In closing I want to underscore what the author says about the importance of understanding how God feels about us. I’m discovering that one of the most effective ways to be healed of emotional brokenness is to experience personally the wholeness of God’s emotions; we begin to touch His emotions towards us in adoring prayer. In other words, prayer that looks into His face, listens for His words of affirmation, says “yes” to what He says (in spite of what my guts scream out in reaction), then obeys anything He may say to me to do. After doing this, do it again…and again…and again. His Word and His Spirit will do the work that we cannot do, as we simply lay our heart before Him and reach out for Him; but it takes time and perseverance to dislodge deeply ingrained mindsets (strongholds), so don’t give up easily!
It helps to pray a lot in your prayer language (tongues) if you have that gift; it is a powerful means of cooperating with the Holy Spirit in the strengthening of your “inner man” (Eph. 3:16).

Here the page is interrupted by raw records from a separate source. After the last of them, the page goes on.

(* Let $\mathcal{X}$ be a Banach space and $J:\mathcal{X}\to\mathbb{R}\cup\{\infty\}$ a convex, absolutely one-homogeneous functional. Let $v\in\mathcal{X}$ and $p\in\partial J(v)$. Then the set $$\mathcal{M}^{\mathrm{IC}}=\{u\in\mathcal{X}\ :\ [D_J^p(\cdot,v)\,\Box\, D_J^{-p}(\cdot,-v)](u)=0\}$$ is a nonempty linear subspace of $\mathcal{X}$.
   Context: Absolutely one-homogeneous: $J(\lambda u)=|\lambda|J(u)$ for all $\lambda\in\mathbb{R}$. Bregman distance: $D_J^{q}(u,w)=J(u)-J(w)-\langle q,u-w\rangle$ for $q\in\partial J(w)$ (note $-p\in\partial J(-v)$). The infimal convolution of $F,G:\mathcal{X}\to\mathbb{R}\cup\{\infty\}$ is $(F\Box G)(u)=\inf_{z\in\mathcal{X}}F(u-z)+G(z)$. *)

From HB Require Import structures.
From mathcomp Require Import all_boot all_order all_algebra.
From mathcomp Require Import all_classical all_reals all_analysis.
Set Implicit Arguments. Unset Strict Implicit. Unset Printing Implicit Defensive.
Import Order.TTheory GRing.Theory Num.Theory.
Import numFieldNormedType.Exports.
Local Open Scope classical_set_scope.
Local Open Scope ring_scope.

Section Defs.
Context {R : realType} {X : completeNormedModType R}.

(* elements of the (topological) dual X^* : continuous linear functionals;
   the pairing <q, u> is q u *)
Definition is_dual (q : X -> R) : Prop :=
  (forall (a : R) (x y : X), q (a *: x + y) = a * q x + q y) /\ continuous q.

(* J : X -> R ∪ {+oo} *)
Definition proper_valued (J : X -> \bar R) : Prop := forall x, J x != -oo%E.

Definition convex_fun (J : X -> \bar R) : Prop :=
  forall (t : R) (x y : X), 0 < t -> t < 1 ->
    (J (t *: x + (1 - t) *: y)%R <= t%:E * J x + (1 - t)%:E * J y)%E.

Definition abs_one_homogeneous (J : X -> \bar R) : Prop :=
  forall (l : R) (u : X), J (l *: u)%R = (`|l|%:E * J u)%E.

Definition subdiff (J : X -> \bar R) (w : X) (q : X -> R) : Prop :=
  is_dual q /\ forall u, (J w + (q (u - w)%R)%:E <= J u)%E.

Definition bregman (J : X -> \bar R) (q : X -> R) (u w : X) : \bar R :=
  (J u - J w - (q (u - w)%R)%:E)%E.

Definition infconv (F G : X -> \bar R) (u : X) : \bar R :=
  ereal_inf (range (fun z => (F (u - z)%R + G z)%E)).

End Defs.

(* Since J is absolutely one-homogeneous and p is a subgradient at v, J v = <p, v> and
   <p, .> <= J everywhere. Both Bregman distances then reduce to the gap
   F = J - <p, .>, evaluated at x and at -x respectively; F is nonnegative, positively
   homogeneous and subadditive. The zero set of G u = inf_z F (u - z) + F (- z) is
   closed under positive scaling (rescale z), negation (substitute z - u for z) and
   addition (add e/2-minimisers and use subadditivity of F). *)

From HB Require Import structures.
From mathcomp Require Import all_boot all_order all_algebra.
From mathcomp Require Import all_classical all_reals all_analysis.
From mathcomp Require Import ring lra.
Import Order.TTheory GRing.Theory Num.Theory.
Import numFieldNormedType.Exports.
Local Open Scope classical_set_scope.
Local Open Scope ring_scope.

Section DualPairing.
Context {R : realType} {X : completeNormedModType R} {p : X -> R}.
Hypothesis p_lin : forall (a : R) (x y : X), p (a *: x + y) = a * p x + p y.

Lemma dual0 : p 0 = 0.
Proof. by have := p_lin 1 0 0; rewrite scale1r addr0 mul1r; lra. Qed.

Lemma dualD x y : p (x + y) = p x + p y.
Proof. by rewrite -[x in LHS]scale1r p_lin mul1r. Qed.

Lemma dualZ a x : p (a *: x) = a * p x.
Proof. by rewrite -[_ *: x]addr0 p_lin dual0 addr0. Qed.

Lemma dualN x : p (- x) = - p x.
Proof. by rewrite -scaleN1r dualZ mulN1r. Qed.

End DualPairing.

Section OneHomogeneous.
Context {R : realType} {X : completeNormedModType R} {J : X -> \bar R}.
Hypothesis J_hom : abs_one_homogeneous J.

Lemma hom_fun0 : J 0 = 0%E.
Proof. by rewrite -(scale0r (0 : X)) J_hom normr0 mul0e. Qed.

Lemma hom_funN x : J (- x) = J x.
Proof. by rewrite -scaleN1r J_hom normrN normr1 mul1e. Qed.

Hypotheses (J_proper : proper_valued J) (J_convex : convex_fun J).

Lemma hom_convex_subadditive x y : (J (x + y)%R <= J x + J y)%E.
Proof.
have half_gt0 : (0 : R) < 2^-1 by rewrite invr_gt0.
have half_lt1 : (2^-1 : R) < 1 by rewrite invf_lt1 // ltr1n.
have one_half : (1 - 2^-1 : R) = 2^-1 by rewrite {1}(splitr 1) mul1r addrK.
have midpoint : x + y = 2 *: (2^-1 *: x + 2^-1 *: y).
  by rewrite scalerDr !scalerA mulfV // !scale1r.
have := J_convex (2^-1) x y half_gt0 half_lt1; rewrite one_half => convexity.
rewrite midpoint J_hom ger0_norm //.
apply: le_trans (lee_wpmul2l _ convexity) _ => //.
move: (J_proper x) (J_proper y).
case: (J x) => [a| |] //; case: (J y) => [b| |] // _ _; rewrite ?leey //.
by rewrite -!EFinM -EFinD lee_fin mulrDr !mulrA mulfV // !mul1r.
Qed.

Section Subgradient.
Context {v : X} {p : X -> R}.
Hypotheses (p_lin : forall (a : R) (x y : X), p (a *: x + y) = a * p x + p y)
  (p_sub : forall u, (J v + (p (u - v))%:E <= J u)%E).

Lemma subdiff_hom_eq : J v = (p v)%:E.
Proof.
have at0 := p_sub 0; have at2v := p_sub (2 *: v).
rewrite hom_fun0 add0r dualN // in at0.
rewrite J_hom dualD // dualN // dualZ // in at2v.
move: at0 at2v (J_proper v); case: (J v) => [r| |] //= at0 at2v _.
rewrite -EFinD lee_fin in at0.
rewrite ger0_norm // -EFinD -EFinM lee_fin in at2v.
by congr EFin; lra.
Qed.

Lemma subdiff_hom_le x : ((p x)%:E <= J x)%E.
Proof.
by have := p_sub x; rewrite subdiff_hom_eq -EFinD dualD // dualN // addrC subrK.
Qed.

End Subgradient.
End OneHomogeneous.

Definition dual_gap {R : realType} {X : completeNormedModType R}
  (J : X -> \bar R) (p : X -> R) (x : X) : \bar R := (J x - (p x)%:E)%E.

Section DualGap.
Context {R : realType} {X : completeNormedModType R} {J : X -> \bar R} {p : X -> R}.
Hypotheses (p_lin : forall (a : R) (x y : X), p (a *: x + y) = a * p x + p y)
  (J_hom : abs_one_homogeneous J).

Lemma bregman_dual_gap v x : J v = (p v)%:E -> bregman J p x v = dual_gap J p x.
Proof.
move=> Jv; rewrite /bregman /dual_gap Jv -addeA -!EFinN -EFinD.
by congr (_ + _%:E)%E; rewrite (dualD p_lin) (dualN p_lin); ring.
Qed.

Lemma bregman_opp_dual_gap v x :
  J v = (p v)%:E -> bregman J (fun y => - p y) x (- v) = dual_gap J p (- x).
Proof.
move=> Jv; rewrite /bregman /dual_gap !(hom_funN J_hom) Jv -addeA -!EFinN -EFinD.
by congr (_ + _%:E)%E; rewrite !(dualD p_lin) !(dualN p_lin); ring.
Qed.

Hypothesis p_le : forall x, ((p x)%:E <= J x)%E.

Lemma dual_gap_ge0 x : (0 <= dual_gap J p x)%E.
Proof. by rewrite /dual_gap sube_ge0 ?p_le ?orbT. Qed.

Lemma dual_gap0 : dual_gap J p 0 = 0%E.
Proof. by rewrite /dual_gap (hom_fun0 J_hom) (dual0 p_lin) sube0. Qed.

Lemma dual_gapZ a x : 0 < a -> dual_gap J p (a *: x) = (a%:E * dual_gap J p x)%E.
Proof.
move=> a_gt0; rewrite /dual_gap J_hom (dualZ p_lin) gtr0_norm // EFinM.
by rewrite muleBr // fin_num_adde_defl.
Qed.

Hypotheses (J_proper : proper_valued J) (J_convex : convex_fun J).

Lemma dual_gap_subadditive x y :
  (dual_gap J p (x + y)%R <= dual_gap J p x + dual_gap J p y)%E.
Proof.
rewrite /dual_gap (dualD p_lin) EFinD oppeD // [X in (_ <= X)%E]addeACA.
exact/leeD2r/hom_convex_subadditive.
Qed.

End DualGap.

Lemma ereal_inf_range_eq0P {R : realType} {T : Type} (h : T -> \bar R) :
  (forall z, 0 <= h z)%E ->
  ereal_inf (range h) = 0%E <-> forall e : R, 0 < e -> exists z, (h z < e%:E)%E.
Proof.
move=> h_ge0; split=> [inf0 e e_gt0|small].
  have : (ereal_inf (range h) < e%:E)%E by rewrite inf0 lte_fin.
  by case/ereal_inf_lt => _ [z _ <-] hz; exists z.
apply/eqP; rewrite eq_le; apply/andP; split.
  apply/lee_addgt0Pr => e e_gt0; rewrite add0e.
  have [z hz] := small e e_gt0.
  by apply: le_trans (ltW hz); apply: ereal_inf_lbound; exists z.
by apply: le_ereal_inf_tmp => _ [z _ <-].
Qed.

Section InfconvSublinear.
Context {R : realType} {X : completeNormedModType R} (F : X -> \bar R).
Hypotheses (F_ge0 : forall x, (0 <= F x)%E) (F0 : F 0 = 0%E)
  (F_subadditive : forall x y, (F (x + y)%R <= F x + F y)%E)
  (F_posZ : forall (a : R) x, 0 < a -> F (a *: x) = (a%:E * F x)%E).

Let G := infconv F (fun x => F (- x)).

Lemma infconv_eq0P u :
  G u = 0%E <-> forall e : R, 0 < e -> exists z, (F (u - z)%R + F (- z)%R < e%:E)%E.
Proof. by apply: ereal_inf_range_eq0P => z; rewrite adde_ge0. Qed.

Lemma infconv0 : G 0 = 0%E.
Proof.
by apply/infconv_eq0P => e e_gt0; exists 0; rewrite subr0 oppr0 F0 adde0 lte_fin.
Qed.

Lemma infconv_eq0N u : G u = 0%E -> G (- u) = 0%E.
Proof.
move/infconv_eq0P => small; apply/infconv_eq0P => e /small[z hz].
by exists (z - u); rewrite !opprB addKr addeC.
Qed.

Lemma infconv_eq0D u w : G u = 0%E -> G w = 0%E -> G (u + w) = 0%E.
Proof.
move=> /infconv_eq0P small_u /infconv_eq0P small_w; apply/infconv_eq0P => e e_gt0.
have half_gt0 : 0 < e / 2 by rewrite divr_gt0.
have [z1 hz1] := small_u _ half_gt0; have [z2 hz2] := small_w _ half_gt0.
exists (z1 + z2); rewrite (splitr e) EFinD.
apply: le_lt_trans (lteD hz1 hz2); rewrite addeACA.
apply: leeD; last by rewrite opprD.
by rewrite opprD addrACA.
Qed.

Lemma infconv_eq0Z_gt0 a u : 0 < a -> G u = 0%E -> G (a *: u) = 0%E.
Proof.
move=> a_gt0 /infconv_eq0P small; apply/infconv_eq0P => e e_gt0.
have [z hz] := small _ (divr_gt0 e_gt0 a_gt0).
exists (a *: z); rewrite -scalerBr -scalerN !F_posZ // -ge0_muleDr //.
by rewrite -(divfK (lt0r_neq0 a_gt0) e) mulrC EFinM lte_pmul2l.
Qed.

Lemma infconv_eq0Z a u : G u = 0%E -> G (a *: u) = 0%E.
Proof.
move=> Gu; case: (ltrgtP a 0) => [a_lt0|a_gt0|->]; last by rewrite scale0r infconv0.
- by rewrite -[a]opprK scaleNr infconv_eq0N // infconv_eq0Z_gt0 // oppr_gt0.
- exact: infconv_eq0Z_gt0.
Qed.

End InfconvSublinear.

Theorem theorem4 (R : realType) (X : completeNormedModType R)
  (J : X -> \bar R) (v : X) (p : X -> R) :
  proper_valued J -> convex_fun J -> abs_one_homogeneous J ->
  subdiff J v p ->
  let M := [set u : X | infconv (fun x => bregman J p x v)
                                (fun x => bregman J (fun y => - p y) x (- v)) u
                        = 0%E] in
  (exists u, M u) /\
  (forall u w, M u -> M w -> M (u + w)) /\
  (forall (a : R) u, M u -> M (a *: u)).
Proof.
move=> J_proper J_convex J_hom [[p_lin _] p_sub].
have Jv := subdiff_hom_eq J_hom J_proper p_lin p_sub.
have gap_ge0 := dual_gap_ge0 (subdiff_hom_le J_hom J_proper p_lin p_sub).
have gap0 := dual_gap0 p_lin J_hom.
have -> : (fun x => bregman J p x v) = dual_gap J p.
  by apply/funext => x; exact: bregman_dual_gap.
have -> : (fun x => bregman J (fun y => - p y) x (- v)) = (fun x => dual_gap J p (- x)).
  by apply/funext => x; exact: bregman_opp_dual_gap.
split; first by exists 0; exact: infconv0.
split; first exact: infconv_eq0D gap_ge0 (dual_gap_subadditive p_lin J_hom J_proper J_convex).
exact: infconv_eq0Z gap_ge0 gap0 (dual_gapZ p_lin J_hom).
Qed.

Singing the Word and fasting are other ways of accelerating the work of the Spirit in reversing inaccurate ways of viewing God.
The Lord bless you and keep you and cause His face to shine on you and be gracious to you… this biblical prayer reflects the understanding that the human heart longs for the gracious smile of the Father, just as the infant looks into the mother’s gracious eyes for her approval. And so I pray this prayer for you this week as you pause periodically to look and listen for His affirming word that you are His child, unconditionally accepted in the Beloved and enjoyed by Him!
For next week we’ll read chapter four, The Audience of One.
Thursday, May 24, 2007
Enjoying God - Week #2
“'The kingdom of heaven is like a certain king who arranged a marriage for his son' (Matthew 22:2), that marriage’s consummation being the definitive aim of our destiny, and all of history constituting the courtship that prepares and anticipates the yet undisclosed hour of its fulfillment. Thus the end of time is announced by the solemn proclamation: “Behold, the bridegroom is coming; go out to meet him.” (Matthew 25:6)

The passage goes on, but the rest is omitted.